Automatically tries both pyarrow and fastparquet engines. Adds STANOX (folder name) and DAY (file name) columns.
- Parameters:
base_dir (str)
- Return type:
DataFrame
Analysis Tools
Functions for analyzing and visualizing network-level data across stations.
- rdmpy.outputs.analysis_tools.find_processed_data_path()[source]
Find the processed_data directory by checking multiple possible locations. Returns the path if found, None otherwise.
- rdmpy.outputs.analysis_tools.aggregate_view(incident_number, start_date)[source]
Multi-day incident analysis with clean separation of concerns. Creates 3 charts: hourly delays, severity distribution, and event timeline.
Parameters:
- incident_numberint/str
The incident number to analyze
- start_datestr
Starting date in ‘DD-MMM-YYYY’ format
Returns:
dict : Summary statistics for the incident
- rdmpy.outputs.analysis_tools.calculate_incident_summary_stats(df, delay_data_all, unique_dates, files_processed, files_with_data, incident_number, num_days)[source]
Calculate final summary statistics for the incident.
Parameters:
- dfpd.DataFrame
The incident data
- delay_data_allpd.DataFrame
Filtered dataframe with only delay events
- unique_dateslist
List of unique dates in the incident
- files_processedint
Number of files processed
- files_with_dataint
Number of files with matching data
- incident_numberint/str
The incident number
- num_daysint
Number of days the incident spans
Returns:
dict : Summary statistics dictionary
- rdmpy.outputs.analysis_tools.aggregate_view_multiday(incident_number, start_date)[source]

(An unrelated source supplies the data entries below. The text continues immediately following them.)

(* For $n\ge 6$, let $W_n$ be the wheel graph on $n$ vertices, i.e. the join of a cycle $C_{n-1}$ with a single vertex $c$ adjacent to all vertices of the cycle. Then $\mathcal{R}(W_n)=\frac{(n-3)(n^2+8)}{2(n-2)(4n-13)}$.
   Context: All graphs are finite, simple and connected, with at least two vertices; $d(u,v)$ denotes the shortest-path distance. $V_p$ denotes the set of all unordered pairs $(u,v)$ of distinct vertices. A vertex $x$ resolves the pair $(u,v)$ if $d(x,u)\neq d(x,v)$. For $(u,v)\in V_p$, $R(u,v)$ is the set of all vertices resolving $(u,v)$ (it always contains $u$ and $v$). The resolving share of a vertex $w$ for $(u,v)$ is $r_w(u,v)=\frac{1}{|R(u,v)|}$ if $w$ resolves $u$ and $v$, and $r_w(u,v)=0$ otherwise. For a vertex $w$, $R(w)$ is the set of pairs in $V_p$ resolved by $w$. The average resolving share of $w$ is $ar_w(G)=\frac{1}{|R(w)|}\sum_{(u,v)\in R(w)} r_w(u,v)$, and the resolving topological index of $G$ is $\mathcal{R}(G)=\sum_{w\in V(G)} ar_w(G)$. *)

From mathcomp Require Import all_boot all_order all_algebra.
Set Implicit Arguments. Unset Strict Implicit. Unset Printing Implicit Defensive.
Import Order.TTheory GRing.Theory Num.Theory.

Section Graph.
Variables (T : finType) (e : rel T).

Fixpoint walk (k : nat) (x y : T) : bool :=
  if k is k'.+1 then [exists z, e x z && walk k' z y] else x == y.

(* shortest-path distance: least k with a walk of length k from x to y
   (a shortest walk is a path; in a connected graph k < #|T| always exists) *)
Definition dist (x y : T) : nat := find (fun k => walk k x y) (iota 0 #|T|).

Definition Vp : {set {set T}} := [set P : {set T} | #|P| == 2].

Definition resolves (x : T) (P : {set T}) : bool :=
  [exists u in P, exists v in P, dist x u != dist x v].

Definition Rpair (P : {set T}) : {set T} := [set x | resolves x P].

Local Open Scope ring_scope.
Definition rshare (w : T) (P : {set T}) : rat :=
  if resolves w P then (#|Rpair P|%:R)^-1 else 0.

Definition Rvert (w : T) : {set {set T}} := [set P in Vp | resolves w P].

Definition ar (w : T) : rat :=
  (#|Rvert w|%:R)^-1 * \sum_(P in Rvert w) rshare w P.

Definition RTI : rat := \sum_(w : T) ar w.
Local Close Scope ring_scope.
End Graph.

(* Wheel graph W_n on vertex set 'I_n: vertex 0 is the hub c, and
   vertices 1..n-1 form the cycle C_{n-1} (i ~ i+1, and n-1 ~ 1). *)
Definition cyc_adj (m a b : nat) : bool :=
  (a.+1 %% m == b) || (b.+1 %% m == a).

Definition wheel (n : nat) : rel 'I_n :=
  fun i j => (i != j) &&
    [|| val i == 0, val j == 0 | cyc_adj n.-1 (val i).-1 (val j).-1].
Arguments wheel n : clear implicits.

From mathcomp Require Import all_boot all_order all_algebra.
From mathcomp Require Import zify ring lra.
Import GRing.Theory Num.Theory.
Set Implicit Arguments. Unset Strict Implicit. Unset Printing Implicit Defensive.

(* The hub c of W_n is adjacent to every vertex, so all distances are 0, 1 or 2
   and a vertex w resolves {u, v} unless u and v are both neighbours of w or
   both non-neighbours of w.  Hence c resolves exactly the n - 1 pairs {c, r},
   each of which is resolved by all vertices but the two rim neighbours of r,
   so ar(c) = 1/(n-2).  A rim vertex has degree 3 and resolves
   C(n,2) - C(3,2) - C(n-4,2) = 4n - 13 pairs.  As the shares of every pair
   sum to 1, the rim vertices carry a total share of C(n,2) - (n-1)/(n-2),
   which, their |R(w)| being equal, is 4n - 13 times the sum of their average
   shares.  The argument works for any graph with a universal vertex whose
   other vertices all have the same degree. *)

Section Resolving.
Variables (T : finType) (e : rel T).

Definition nbhd (x : T) : {set T} := [set y | e x y].

Definition pairs_in (A : {set T}) : {set {set T}} :=
  [set P : {set T} | P \subset A & #|P| == 2].

Lemma walk1 x y : walk e 1 x y = e x y.
Proof.
by apply/existsP/idP => [[z /andP[exz /eqP <-]] // | exy]; exists y; rewrite exy eqxx.
Qed.

Lemma dist_eq0 x y : (dist e x y == 0) = (x == y).
Proof.
rewrite /dist; have : 0 < #|T| by apply/card_gt0P; exists x.
by case: #|T| => // m _ /=; case: (x == y).
Qed.

Lemma resolves_pair x u v : u != v ->
  resolves e x [set u; v] = (dist e x u != dist e x v).
Proof.
move=> uv; apply/exists_inP/idP => [[u' /set2P u'E /exists_inP [v' /set2P v'E]] | duv].
  by case: u'E v'E => -> [] ->; rewrite ?eqxx // eq_sym.
by exists u; rewrite ?set21 //; apply/exists_inP; exists v; rewrite ?set22.
Qed.

Lemma mem_Rpair_pair u v : u != v -> u \in Rpair e [set u; v].
Proof.
move=> uv; rewrite inE resolves_pair //.
by rewrite (eqP (_ : dist e u u == 0)) ?dist_eq0 // eq_sym dist_eq0.
Qed.

Local Open Scope ring_scope.

Lemma sum_rshare_Rvert w :
  \sum_(P in Rvert e w) rshare e w P = \sum_(P in Vp T) rshare e w P.
Proof.
rewrite big_mkcond [RHS]big_mkcond; apply: eq_bigr => P _.
by rewrite inE /rshare; case: (P \in Vp T); case: (resolves e w P).
Qed.

(* Every pair is resolved by its own members, so its shares sum to 1. *)
Lemma sum_rshare_pair P : P \in Vp T -> \sum_w rshare e w P = 1.
Proof.
rewrite inE => /cards2P [u [v [uv ->]]].
rewrite /rshare -big_mkcond (eq_bigl (fun w => w \in Rpair e [set u; v])); last first.
  by move=> w; rewrite inE.
rewrite sumr_const -[_ *+ _]mulr_natr mulVf // pnatr_eq0 -lt0n.
by apply/card_gt0P; exists u; apply: mem_Rpair_pair.
Qed.

End Resolving.

Section UniversalVertex.
Variables (T : finType) (e : rel T) (h : T).
Hypothesis e_sym : symmetric e.
Hypothesis e_irr : irreflexive e.
Hypothesis h_adj : forall x, x != h -> e h x.
Hypothesis card_T : 2 < #|T|.

Lemma dist_universal x y :
  dist e x y = if x == y then 0 else if e x y then 1 else 2.
Proof.
have walk2 : x != y -> ~~ e x y -> walk e 2 x y.
  move=> xy nexy.
  have xh : x != h by apply: contraNneq nexy => xh; rewrite xh h_adj // -xh eq_sym.
  have yh : y != h by apply: contraNneq nexy => ->; rewrite e_sym h_adj.
  apply/existsP; exists h; rewrite e_sym h_adj //=.
  by apply/existsP; exists y; rewrite h_adj // eqxx.
rewrite /dist; move: card_T; case: #|T| => [|[|[|m]]] // _.
rewrite /= -/(walk e 1 x y) walk1.
case: eqP => [// | /eqP xy]; case: ifP => // /negbT nexy.
by have := walk2 xy nexy => /= ->.
Qed.

Lemma dist_hub x : dist e h x = if x == h then 0 else 1.
Proof. by rewrite dist_universal eq_sym; case: eqP => // /eqP/h_adj ->. Qed.

Lemma Rvert_hub : Rvert e h = [set [set h; r] | r in [set~ h]].
Proof.
apply/setP => P; rewrite inE; apply/andP/imsetP => [[] | [r]].
  rewrite inE => /cards2P [u [v [uv ->]]]; rewrite resolves_pair // !dist_hub.
  case: (eqVneq u h) => [-> | uh]; case: (eqVneq v h) => [-> | vh] // _.
    by exists v; rewrite ?inE.
  by exists u; rewrite ?inE // setUC.
rewrite !inE => rh ->; rewrite cards2 (eq_sym h r) rh; split=> //.
by rewrite resolves_pair 1?eq_sym // !dist_hub eqxx (negbTE rh).
Qed.

Lemma pair_hub_inj : {in [set~ h] &, injective (fun r => [set h; r])}.
Proof.
move=> r s; rewrite !inE => rh _ Ers.
by have := set22 h r; rewrite Ers !inE (negbTE rh) => /eqP.
Qed.

Lemma Rpair_hubC r : r != h -> ~: Rpair e [set h; r] = nbhd e r :\ h.
Proof.
move=> rh; apply/setP => x; rewrite !inE resolves_pair 1?eq_sym // negbK.
rewrite !dist_universal; case: (eqVneq x h) => [-> | xh].
  by rewrite (eq_sym h r) (negbTE rh) h_adj.
rewrite [e x h]e_sym h_adj //=; case: (eqVneq x r) => [-> | xr]; first by rewrite e_irr.
by rewrite e_sym; case: (e r x).
Qed.

Lemma card_Rpair_hub r : r != h -> #|Rpair e [set h; r]| = #|T| - #|nbhd e r|.-1.
Proof.
move=> rh; have := cardsC (Rpair e [set h; r]); rewrite Rpair_hubC //.
by rewrite [#|nbhd e r|](cardsD1 h) inE e_sym h_adj //; lia.
Qed.

Lemma card_Rvert_hub : #|Rvert e h| = #|T|.-1.
Proof. by rewrite Rvert_hub card_in_imset ?cardsC1 //; apply: pair_hub_inj. Qed.

(* The distances from [w] split [T] into [w], its neighbours and the rest,
   and [w] resolves a pair unless both members lie in the same part. *)
Lemma unresolved_pairs w :
  [set P in Vp T | ~~ resolves e w P] =
  pairs_in (nbhd e w) :|: pairs_in (~: (w |: nbhd e w)).
Proof.
apply/setP => P; rewrite !inE; case: cards2P => [[u [v [uv ->]]] | _]; last by rewrite !andbF.
rewrite !andbT resolves_pair // negbK !subUset !sub1set !inE !dist_universal.
case: (eqVneq u w) uv => [-> | uw]; case: (eqVneq v w) => [-> | vw];
  rewrite ?eqxx ?e_irr ?(eq_sym w u) ?(eq_sym w v) ?(negbTE uw) ?(negbTE vw) //=;
  by case: (e w u); case: (e w v).
Qed.

Lemma card_Rvert w : #|Rvert e w| =
  'C(#|T|, 2) - 'C(#|nbhd e w|, 2) - 'C(#|T| - #|nbhd e w|.+1, 2).
Proof.
have disj : pairs_in (nbhd e w) :&: pairs_in (~: (w |: nbhd e w)) = set0.
  apply/setP => P; rewrite !inE; case: cards2P => [[u [v [uv ->]]] | _]; last by rewrite !andbF.
  by rewrite !subUset !sub1set !inE; case: (e w u); rewrite /= ?orbT ?andbF.
have card_far : #|~: (w |: nbhd e w)| = #|T| - #|nbhd e w|.+1.
  by have := cardsC (w |: nbhd e w); rewrite cardsU1 inE e_irr; lia.
have := cardsID [set P | resolves e w P] (Vp T).
rewrite (_ : Vp T :&: _ = Rvert e w); last by apply/setP => P; rewrite !inE.
rewrite (_ : Vp T :\: _ = [set P in Vp T | ~~ resolves e w P]); last first.
  by apply/setP => P; rewrite !inE andbC.
rewrite unresolved_pairs cardsU disj cards0 subn0 !cards_draws card_draws card_far.
by move=> <-; rewrite -subnDA addnK.
Qed.

Variable d : nat.
Hypothesis rim_deg : forall w, w != h -> #|nbhd e w| = d.

Local Open Scope ring_scope.

Lemma sum_rshare_hub :
  \sum_(P in Rvert e h) rshare e h P = #|T|.-1%:R / (#|T| - d.-1)%:R.
Proof.
rewrite Rvert_hub big_imset /=; last exact: pair_hub_inj.
rewrite (eq_bigr (fun _ => (#|T| - d.-1)%:R^-1)) => [|r]; last first.
  rewrite !inE => rh; have : [set h; r] \in Rvert e h.
    by rewrite Rvert_hub; apply: imset_f; rewrite !inE.
  rewrite inE => /andP[_ hr].
  by rewrite /rshare hr card_Rpair_hub // rim_deg.
by rewrite sumr_const cardsC1 -[_ *+ _]mulr_natr mulrC.
Qed.

Lemma ar_hub : ar e h = (#|T| - d.-1)%:R^-1.
Proof.
rewrite /ar sum_rshare_hub card_Rvert_hub mulrA mulVf ?mul1r //.
by rewrite pnatr_eq0; lia.
Qed.

Lemma sum_ar_rim : \sum_(w | w != h) ar e w =
  ('C(#|T|, 2)%:R - #|T|.-1%:R / (#|T| - d.-1)%:R) /
  ('C(#|T|, 2) - 'C(d, 2) - 'C(#|T| - d.+1, 2))%:R.
Proof.
rewrite (eq_bigr (fun w => (\sum_(P in Vp T) rshare e w P) /
    ('C(#|T|, 2) - 'C(d, 2) - 'C(#|T| - d.+1, 2))%:R)); last first.
  by move=> w wh; rewrite /ar card_Rvert -(rim_deg wh) sum_rshare_Rvert mulrC.
rewrite -mulr_suml exchange_big /= -sum_rshare_hub sum_rshare_Rvert; congr (_ / _).
rewrite -(card_draws T 2) -sumr_const -sumrB.
apply: eq_bigr => P VP; rewrite -(sum_rshare_pair e VP) [in RHS](bigD1 h) //=.
by rewrite addrC addrK.
Qed.

Theorem RTI_universal_regular : RTI e =
  (#|T| - d.-1)%:R^-1 +
  ('C(#|T|, 2)%:R - #|T|.-1%:R / (#|T| - d.-1)%:R) /
  ('C(#|T|, 2) - 'C(d, 2) - 'C(#|T| - d.+1, 2))%:R.
Proof. by rewrite /RTI (bigD1 h) //= ar_hub sum_ar_rim. Qed.

End UniversalVertex.

Lemma wheel_sym n : symmetric (wheel n).
Proof.
move=> i j; rewrite /wheel /cyc_adj eq_sym; congr (_ && _).
by rewrite orbA [_ || (val j == 0)]orbC -orbA; do 2 congr (_ || _); apply: orbC.
Qed.

Lemma wheel_irr n : irreflexive (wheel n).
Proof. by move=> i; rewrite /wheel eqxx. Qed.

Lemma wheel_rim_adjE n i j : 3 < n -> 0 < i < n -> j < n ->
  ((i != j) && [|| i == 0, j == 0 | cyc_adj n.-1 i.-1 j.-1]) =
  [|| j == 0, j == (if i == n.-1 then 1 else i.+1)
    | j == (if i == 1 then n.-1 else i.-1)].
Proof.
move=> n_gt3 /andP[i_gt0 i_lt] j_lt; rewrite /cyc_adj.
have succ_mod a : a < n.-1 -> a.+1 %% n.-1 = if a.+1 == n.-1 then 0 else a.+1.
  by move=> a_lt; case: eqP => [-> | ?]; rewrite ?modnn // modn_small //; lia.
case: (j =P 0) => [-> | j_neq0] /=; first by rewrite orbT andbT; lia.
rewrite (_ : (i == 0) = false); last lia.
rewrite !succ_mod; try lia.
case: (i =P n.-1) => ?; case: (i =P 1) => ?; case: (j =P i) => ?;
  case: (i.-1.+1 =P n.-1) => ?; case: (j.-1.+1 =P n.-1) => ? /=; apply/idP/idP; lia.
Qed.

Section WheelHub.
Variables (n : nat) (h : 'I_n).
Hypothesis h_val : val h = 0.

Lemma wheel_hub_adj x : x != h -> wheel n h x.
Proof. by rewrite /wheel h_val eqxx eq_sym => ->. Qed.

Lemma card_wheel_nbhd x : 3 < n -> x != h -> #|nbhd (wheel n) x| = 3.
Proof.
case: x => i i_lt n_gt3; rewrite -val_eqE h_val /= => i_neq0.
have i_rim : 0 < i < n by lia.
pose next := if i == n.-1 then 1 else i.+1.
pose prev := if i == 1 then n.-1 else i.-1.
have next_lt : next < n by rewrite /next; case: ifP; lia.
have prev_lt : prev < n by rewrite /prev; case: ifP; lia.
have -> : nbhd (wheel n) (Ordinal i_lt) = [set h; Ordinal next_lt; Ordinal prev_lt].
  apply/setP => j; rewrite !inE -!val_eqE /= h_val /wheel -!val_eqE /=.
  by rewrite (wheel_rim_adjE n_gt3 i_rim (ltn_ord j)) -orbA.
rewrite setUC !cardsU1 cards1 !inE -!val_eqE /= h_val /next /prev.
by case: ifP; case: ifP => /=; lia.
Qed.

End WheelHub.

Lemma wheel_rim_pairs n : (3 < n)%N ->
  ('C(n, 2) - 'C(3, 2) - 'C(n - 4, 2) = 4 * n - 13)%N.
Proof.
move=> n_gt3; have [m ->] : exists m, n = (m + 4)%N by exists (n - 4)%N; lia.
have -> : 'C(m + 4, 2) = ('C(m, 2) + 4 * m + 6)%N.
  by rewrite !addnS !binS addn0 !bin1 !bin0; lia.
by rewrite addnK (_ : 'C(3, 2) = 3%N); [lia|].
Qed.

Local Open Scope ring_scope.

Lemma natr_bin2 (R : numFieldType) m : 'C(m, 2)%:R = m%:R * m.-1%:R / 2 :> R.
Proof. by rewrite -natrM -[m.-1 in RHS]bin1 mul_bin_diag natrM mulrC mulKf ?pnatr_eq0. Qed.

Theorem theorem3p11 (n : nat) (hn : (6 <= n)%N) :
  RTI (wheel n) =
  ((n%:R - 3) * (n%:R ^+ 2 + 8)) / (2 * (n%:R - 2) * (4 * n%:R - 13)) :> rat.
Proof.
have n_gt0 : (0 < n)%N by lia.
pose h := Ordinal n_gt0.
have card_wheel : (2 < #|'I_n|)%N by rewrite card_ord; lia.
have rim_deg x : x != h -> #|nbhd (wheel n) x| = 3%N.
  by apply: card_wheel_nbhd => //; lia.
rewrite (RTI_universal_regular (@wheel_sym n) (@wheel_irr n)
  (wheel_hub_adj (erefl : val h = 0%N)) card_wheel rim_deg) card_ord.
have natr_pred : n.-1%:R = n%:R - 1 :> rat by rewrite -subn1 natrB //; lia.
have natr_rim : (n - 2)%:R = n%:R - 2 :> rat by rewrite natrB //; lia.
have natr_pairs : (4 * n - 13)%:R = 4 * n%:R - 13 :> rat by rewrite natrB ?natrM //; lia.
rewrite wheel_rim_pairs; last by lia.
rewrite natr_bin2 /= natr_pred natr_rim natr_pairs.
have : 6 <= n%:R :> rat by rewrite (ler_nat rat 6 n).
move: n%:R => x x_ge6; field.
by apply/andP; split; apply/eqP => ?; lra.
Qed.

Multi-day incident analysis that handles incidents spanning multiple days. Creates separate charts for each day with labels (a), (b), (c) or (a.1), (a.2), etc.
For single-day incidents, labels are simply (a), (b), (c). For multi-day incidents: (a.1), (a.2) for hourly charts, (b) for severity, (c.1), (c.2) for timelines.
WARNING: If incident spans more than 3 days, the same incident number may refer to multiple separate incidents.
Parameters:
- incident_numberint/str
The incident number to analyze
- start_datestr
Starting date in ‘DD-MMM-YYYY’ format (used for display purposes only - all days are loaded)
Returns:
dict : Summary statistics for the incident across all days
- rdmpy.outputs.analysis_tools.incident_view(incident_code, incident_date, analysis_date, analysis_hhmm, period_minutes)[source]
Generate a detailed table showing each station affected by an incident with their calls and delays for a specific time period during the incident lifecycle. Shows trains that were shifted between time periods due to delays.
Parameters: incident_code (int/float): The incident number to analyze incident_date (str): Incident date in ‘DD-MMM-YYYY’ format (used to locate the incident) analysis_date (str): Specific date to analyze in ‘DD-MMM-YYYY’ format analysis_hhmm (str): Start time for analysis in ‘HHMM’ format (e.g., ‘1830’ for 18:30) period_minutes (int): Minutes from analysis start time to analyze
Returns: tuple: (pandas.DataFrame, str, str) - Results table, incident start time string, and analysis period string
- rdmpy.outputs.analysis_tools.incident_view_heatmap_html(incident_code, incident_date, analysis_date, analysis_hhmm, period_minutes, interval_minutes=10, output_file=None)[source]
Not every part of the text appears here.